28,103,832 drips

Our kitchen tap drips. We first noticed this some time around 23rd March 2020 – the day when Boris Johnson went on TV, straining to project gravitas as he announced the first national lockdown – so as I write, that’s exactly a year ago.

Now, if our boiler packed in during February, we’d get it sorted, pronto, pandemic or not. Skybox? We’d roll the dice and have a man in to fix it within hours. WiFi? Totally take our chances on a potential lethally infectious engineer, to avoid being reduced to Conversation, reading “books” and playing Scrabble®️.

But a dripping tap, that’s trivial, surely? “Ah, Rik, caught Covid from the plumber and died. All because he got annoyed by a dripping tap and didn’t know how to fix it.” Not a speech anyone wants to hear at their funeral. Oh, right, well you know what I mean.

Also, we had a workaround. I discovered that if I moved the tap over the curve of the sink the dripping became inaudible, at least to my ageing ears. So I could live with it, sort of, if I remembered to move the tap back to the edge of the sink after every use.

I’ve just spent a happy minute counting 84 drips. It’s accelerated sharply over the year: I estimate that the average “drip rate” over the period was 53.47 drips per minute, seven days a week, day and night. No wonder Betty refuses to sleep in the kitchen. (For clarity, Betty is our dog. Not the housemaid.)

So, 53.47 drips x 60 minutes x 24 hours x 365 days = 28,103,832 drips since 23 March 2020. That could drive a man mad. At least I’ve kept my sanity, right?

The tap

Just how much water has this wasted?

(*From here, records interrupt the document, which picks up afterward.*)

Lemma event_E_subnorm2_trmx n m ku kv (C' c' : R) (W : 'M[R]_n) (x : 'cV[R]_n)
    (S T : {set 'I_n}) :
  event_E m ku kv C' c' W -> (#|S| <= ku)%N -> (#|T| <= kv)%N ->
  norm2 x = 1 -> supported_on x S ->
  subnorm2 (W^T *m x) T <=
    C' * Num.sqrt (((#|S| + #|T|)%:R * ln n%:R + c' * ln n%:R) / m%:R).
Proof.
move=> E S_ku T_kv x1 x_supp.
apply: le_trans (subnorm2_mulmx_le_specnorm_submx W^T T x1 x_supp) _.
have -> : Defs.submx T S W^T = (Defs.submx S T W)^T by apply/matrixP => i j; rewrite !mxE.
exact: le_trans (specnorm_trmx_le _) (E _ _ S_ku T_kv).
Qed.

End SpikedModel.

Theorem proposition4 (R : realType) (C' c' : R) (hC' : 0 < C') (hc' : 0 < c') :
  exists C : R, 0 < C /\
  forall (n m ku kv : nat) (rho : R) (u v : 'cV[R]_n)
         (X Y : 'I_m -> 'cV[R]_n),
    (0 < m)%N ->
    0 < rho -> rho < 1 ->
    norm2 u = 1 -> norm2 v = 1 ->
    (l0 u <= ku)%N -> (l0 v <= kv)%N ->
    let Sig := sample_cross_cov X Y in
    event_E m ku kv C' c' (Sig - rho *: (u *m v^T)) ->
    (forall (Sv : {set 'I_n}) (vh : 'cV[R]_n) (p : nat) (Su' : {set 'I_n}),
       (#|Sv| <= kv)%N -> norm2 vh = 1 -> supported_on vh Sv ->
       inner v vh != 0 ->
       (p <= ku)%N -> top_index_set (Sig *m vh) p Su' ->
       subnorm2 u Su' >=
         Num.sqrt ((sfun u #|Su'|)^-1)
         - (2 * C * (1 + rho)) / (rho * `|inner v vh|)
           * Num.sqrt (((#|Su'| + #|Sv|)%:R * ln (n%:R)) / m%:R))
    /\
    (forall (Su : {set 'I_n}) (uh : 'cV[R]_n) (q : nat) (Sv' : {set 'I_n}),
       (#|Su| <= ku)%N -> norm2 uh = 1 -> supported_on uh Su ->
       inner u uh != 0 ->
       (q <= kv)%N -> top_index_set (Sig^T *m uh) q Sv' ->
       subnorm2 v Sv' >=
         Num.sqrt ((sfun v #|Sv'|)^-1)
         - (2 * C * (1 + rho)) / (rho * `|inner u uh|)
           * Num.sqrt (((#|Su| + #|Sv'|)%:R * ln (n%:R)) / m%:R)).
Proof.
exists (C' * (1 + c')); split; first by rewrite mulr_gt0 // addr_gt0.
move=> n m ku kv rho u v X Y _ rho_gt0 _ _ _ _ _ Sig E; split.
- move=> Sv vh p Su' Sv_kv vh1 vh_supp vvh_neq0 p_ku top.
  have cardS : #|Su'| = p by case: top.
  rewrite cardS; apply: spiked_top_index_set_bound
    (ltW hC') (ltW hc') rho_gt0 _ (ln_natr_ge0 R n) (ler0n R m) vvh_neq0 top _.
  + by rewrite ler1n addn_gt0 (supported_unit_card_gt0 vh1 vh_supp) orbT.
  + move=> T cardT; rewrite -cardT.
    by apply: (event_E_subnorm2 E) vh1 vh_supp => //; rewrite cardT.
- move=> Su uh q Sv' Su_ku uh1 uh_supp uuh_neq0 q_kv top.
  have cardS : #|Sv'| = q by case: top.
  have WT : (Sig - rho *: (u *m v^T))^T = Sig^T - rho *: (v *m u^T).
    by rewrite linearB /= [X in _ - X]linearZ /= trmx_mul trmxK.
  rewrite cardS; apply: spiked_top_index_set_bound
    (ltW hC') (ltW hc') rho_gt0 _ (ln_natr_ge0 R n) (ler0n R m) uuh_neq0 top _.
  + by rewrite ler1n addn_gt0 (supported_unit_card_gt0 uh1 uh_supp).
  + move=> T cardT; rewrite -WT -cardT.
    by apply: (event_E_subnorm2_trmx E) uh1 uh_supp => //; rewrite cardT.
Qed.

And how much has it cost me? In ten minutes, I collected 195 millilitres. So, 0.195 litres x 6 (per hour) x 24 hours x 365 days x 53.47/84 (to adjust for the average drip rate) = 6,524.1 litres since Boris spoke on the telly. For older readers, that’s 11,480.81 pints.

My water is charged at £0.9848 per cubic metre, or £0.0009848 per litre, so this dripping tap has cost me £0.0009848 x 6,524.1 = £6.42. Ok it won’t break the bank. But, I’m afraid, shockingly wasteful: my water usage over the last 12-month billing period was 210 cubic metres. So the dripping tap was 3.1% of my total consumption – and that includes brushing my teeth, teas and coffees, my monthly shower, everything.

Should I have tried to fix it? How hard can it be? No doubt very simple if you know what you’re doing. But I don’t, you see. Before I got as far as researching the task online, an image settled in my brain: the image of a plumber in waders shaking his head, and saying “Oh dear, what have you done here?” – a nightmarish echo of Mr Vale, the man who tried to teach me woodwork, gathering the class around: “Come and see what Edwards has done.” No, best not to try. I’ll pay the £6.42, thanks.

Post script July 16, 2021:

9 thoughts on “28,103,832 drips

  1. This is absolutely brilliant. Had me guffawing so much that Marilyn called out asking whether I was alright. However, you need to reach a bigger audience. I’m sure a paper or magazine would pay good money for this nonsense. It might even cover your £6.42.

    Liked by 1 person

  2. Aw you’re too kind Andrew. Of course I’d love it to reach a wider audience, but my City career seems to have satisfied my appetite for hustling – I just enjoy writing it. Mind you, if anyone out there wants to pay for exclusive content…

    Like

  3. I feel thoroughly glad to hear that you did not decide to leave the plug in the sink.

    Good to hear about Mr Vale. I still have two very useful boxes that I made courtesy of his teachings. One of them still contains the remnants of my mecanno set. It prompted me to go in search of WBGS on Google Maps, and there in glorious 3D, was a total absence of Mr Vale’s pride and joy cricket shelter, made by his own fair hands, and now gone! Mortified I was. I spent many a lunchtime in that shelter, scoffing my lunch.

    I do probably have a tap washer if you need it. If you could just take out the old one and let me know the size, I can send it to you, and you could then simply get a plumber to fit the new one.